# Backing Up Android



## kevinturcotte (Dec 19, 2006)

IS there anyway to backup EVERYTHING on an Android phone to the SD card? I know my files are there, but I want my apps on there, and all settings, app settings, and game saves and such within apps
Recently had to swap phones, and basically had to start from scratch. What would be IDEAL would be to run the entire phone (Other than core stuff) from the SD card. That way I could just pop the SD card out of the old phone, put it in the new phone, and it's just like I'm on the old phone.
I still don't have all the apps I did on my old phone because I can't remember what they were lol
Lost all of my video game progress. Not a big deal, lol, but be nice if all that stuff was still there.


----------



## dpeters11 (May 30, 2007)

Stock or rooted? Titanium Backup is great, but requires rooted. Not sure if a stock app can do it.


----------



## RasputinAXP (Jan 23, 2008)

Can't do it stock. Root and download Titanium Backup.
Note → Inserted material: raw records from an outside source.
(* With the reduced expression $t(\lambda_-)=u\,s_{\ell_1}\cdots s_{\ell_L}$ and roots $\tilde\beta_k$ as in the context, for every $1\le k\le M$ one has $w_\circ\overline{\tilde\beta_k}=\beta_k^\vee$, where $\beta_k=s_{i_N}\cdots s_{i_{k+1}}\alpha_{i_k}$.
   Context: Setting: $\mathfrak g$ finite-dimensional simple Lie algebra, simple roots $\{\alpha_i\}_{i\in I}$, simple coroots $\{\alpha_i^\vee\}$, roots $\Delta=\Delta^+\sqcup\Delta^-$, weights $P$, dominant weights $P^+$, Weyl group $W$, longest element $w_\circ$. For $\lambda\in P^+$: $S=\{i:\langle\lambda,\alpha_i^\vee\rangle=0\}$, $W_S=\langle s_i:i\in S\rangle$ with longest element $w_\circ^S$, $\Delta^+_S$ the positive roots in $\sum_{i\in S}\mathbb Z\alpha_i$; $\lambda_-=w_\circ\lambda$; $v(\lambda_-)$ the minimal-length element of $\{x\in W: x\lambda=\lambda_-\}$, so $w_\circ=v(\lambda_-)w_\circ^S$ with lengths adding. Fix reduced expressions $v(\lambda_-)=s_{i_1}\cdots s_{i_M}$ and $w_\circ^S=s_{i_{M+1}}\cdots s_{i_N}$, so $w_\circ=s_{i_1}\cdots s_{i_N}$ is reduced; put $\beta_j=s_{i_N}\cdots s_{i_{j+1}}\alpha_{i_j}$; then $\Delta^+\setminus\Delta^+_S=\{\beta_1,\dots,\beta_M\}$, and the total order $\prec$ on $\Delta^+$ is $\beta_1\succ\beta_2\succ\dots\succ\beta_N$. Affine: real roots of the untwisted affinization of the dual root system $\widetilde\Delta_{\rm aff}=\{\alpha^\vee+a\tilde\delta\}$, positive ones $\widetilde\Delta^+_{\rm aff}$ ($a>0$, or $a=0,\alpha\in\Delta^+$), $\widetilde\Delta^-_{\rm aff}=-\widetilde\Delta^+_{\rm aff}$; simple roots $\alpha_i^\vee$ ($i\in I$), $\alpha_0^\vee=\tilde\delta-\varphi^\vee$ ($\varphi$ highest short root), $I_{\rm aff}=I\sqcup\{0\}$; $\beta=\bar\beta+\deg(\beta)\tilde\delta$ with $\bar\beta\in\mathfrak h$. $W_{\rm ext}=t(P)\rtimes W$ acting by $v\,t(\nu)(\bar\beta+r\tilde\delta)=v\bar\beta+(r-\langle\nu,\bar\beta\rangle)\tilde\delta$; $\ell(x)=\#(\widetilde\Delta^+_{\rm aff}\cap x^{-1}\widetilde\Delta^-_{\rm aff})$; $\Omega$ the length-zero elements. The map $\Phi:\widetilde\Delta^+_{\rm aff}\cap t(\lambda_-)^{-1}\widetilde\Delta^-_{\rm aff}\to\mathbb Q_{\ge0}\times(\Delta^+\setminus\Delta^+_S)$, $\Phi(\beta)=\Big(\frac{\langle\lambda_-,\bar\beta\rangle-\deg(\beta)}{\langle\lambda_-,\bar\beta\rangle},\,w_\circ(\bar\beta)^\vee\Big)$ (where $(\alpha^\vee)^\vee=\alpha$) is injective. Order the target lexicographically: $(a,\alpha)<(b,\beta)$ iff $a<b$, or $a=b$ and $\alpha\succ\beta$; $\prec'$ is the pullback order. The reduced expression $t(\lambda_-)=u\,s_{\ell_1}\cdots s_{\ell_L}$ ($u\in\Omega$, $\ell_k\in I_{\rm aff}$) is the unique one with $\tilde\beta_j:=s_{\ell_L}\cdots s_{\ell_{j+1}}\alpha^\vee_{\ell_j}$ satisfying $\tilde\beta_1\prec'\dots\prec'\tilde\beta_L$ exhausting $\widetilde\Delta^+_{\rm aff}\cap t(\lambda_-)^{-1}\widetilde\Delta^-_{\rm aff}$. *)

From HB Require Import structures.
From mathcomp Require Import all_boot all_order all_algebra.
Set Implicit Arguments. Unset Strict Implicit. Unset Printing Implicit Defensive.
Import Order.TTheory GRing.Theory Num.Theory.
Local Open Scope ring_scope.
First things I recommend for any Android user: root, TiBackup, SetCPU. 

Edit: Android 2.3, 3 and 4 'remember' your apps from the Market and attempt to redownload when you sync.


----------



## kevinturcotte (Dec 19, 2006)

RasputinAXP said:


> Can't do it stock. Root and download Titanium Backup. First things I recommend for any Android user: root, TiBackup, SetCPU.
> 
> Edit: Android 2.3, 3 and 4 'remember' your apps from the Market and attempt to redownload when you sync.


Have to try that. I'm running Gingerbread, as was the damaged phone, and it didn't remember ANY of my apps. Like I said, still some I don't have because I can't remember what they were.


----------



## kevinturcotte (Dec 19, 2006)

dpeters11 said:


> Stock or rooted? Titanium Backup is great, but requires rooted. Not sure if a stock app can do it.


It's stock. I rooted the old phone, but didn't really find too much extra to do with it rooted, so haven't bothered yet on this one.


----------



## RasputinAXP (Jan 23, 2008)

You also had to have enabled the setting under Accounts for "Remember my Apps and Settings".


----------



## kevinturcotte (Dec 19, 2006)

I remember I used a program on my computer to root my phone really fast, but it doesn't look like I saved. it. Anybody know of any programs that a fairly idiot proof that will root your phone (If it matters, I have a Samsung Stratosphere)?


----------



## TBlazer07 (Feb 5, 2009)

Check XDA for rooting. Most popular devices have "one button" rooting scripts.

I say root it just for Titanium Backup (for app & data backup) and Clockwork Mod Recovery. CWMR allows you do make a full and complete image of your phone (except for the SD storage partition) and save it to SD and/or on your computer. CMWR has been around for years. There is even a touch version now. You used to have to use the vol and pwr buttons.


----------



## RasputinAXP (Jan 23, 2008)

CWM Touch is amazing.


----------



## Marlin Guy (Apr 8, 2009)

Google Play keeps track of all of the apps you have ever installed.
https://play.google.com/apps
Logon and go through the list. Click the install button on the ones you want to reinstall.

There are also apps that allow you to backup your contacts, bookmarks, etc. to the card.
Rooted ROMs allow for programs to be installed or moved to the memory cards. Probably not available on stock ROMs.


----------



## Marlin Guy (Apr 8, 2009)

kevinturcotte said:


> I remember I used a program on my computer to root my phone really fast, but it doesn't look like I saved. it. Anybody know of any programs that a fairly idiot proof that will root your phone (If it matters, I have a Samsung Stratosphere)?


http://forum.xda-developers.com/showthread.php?t=1513576


----------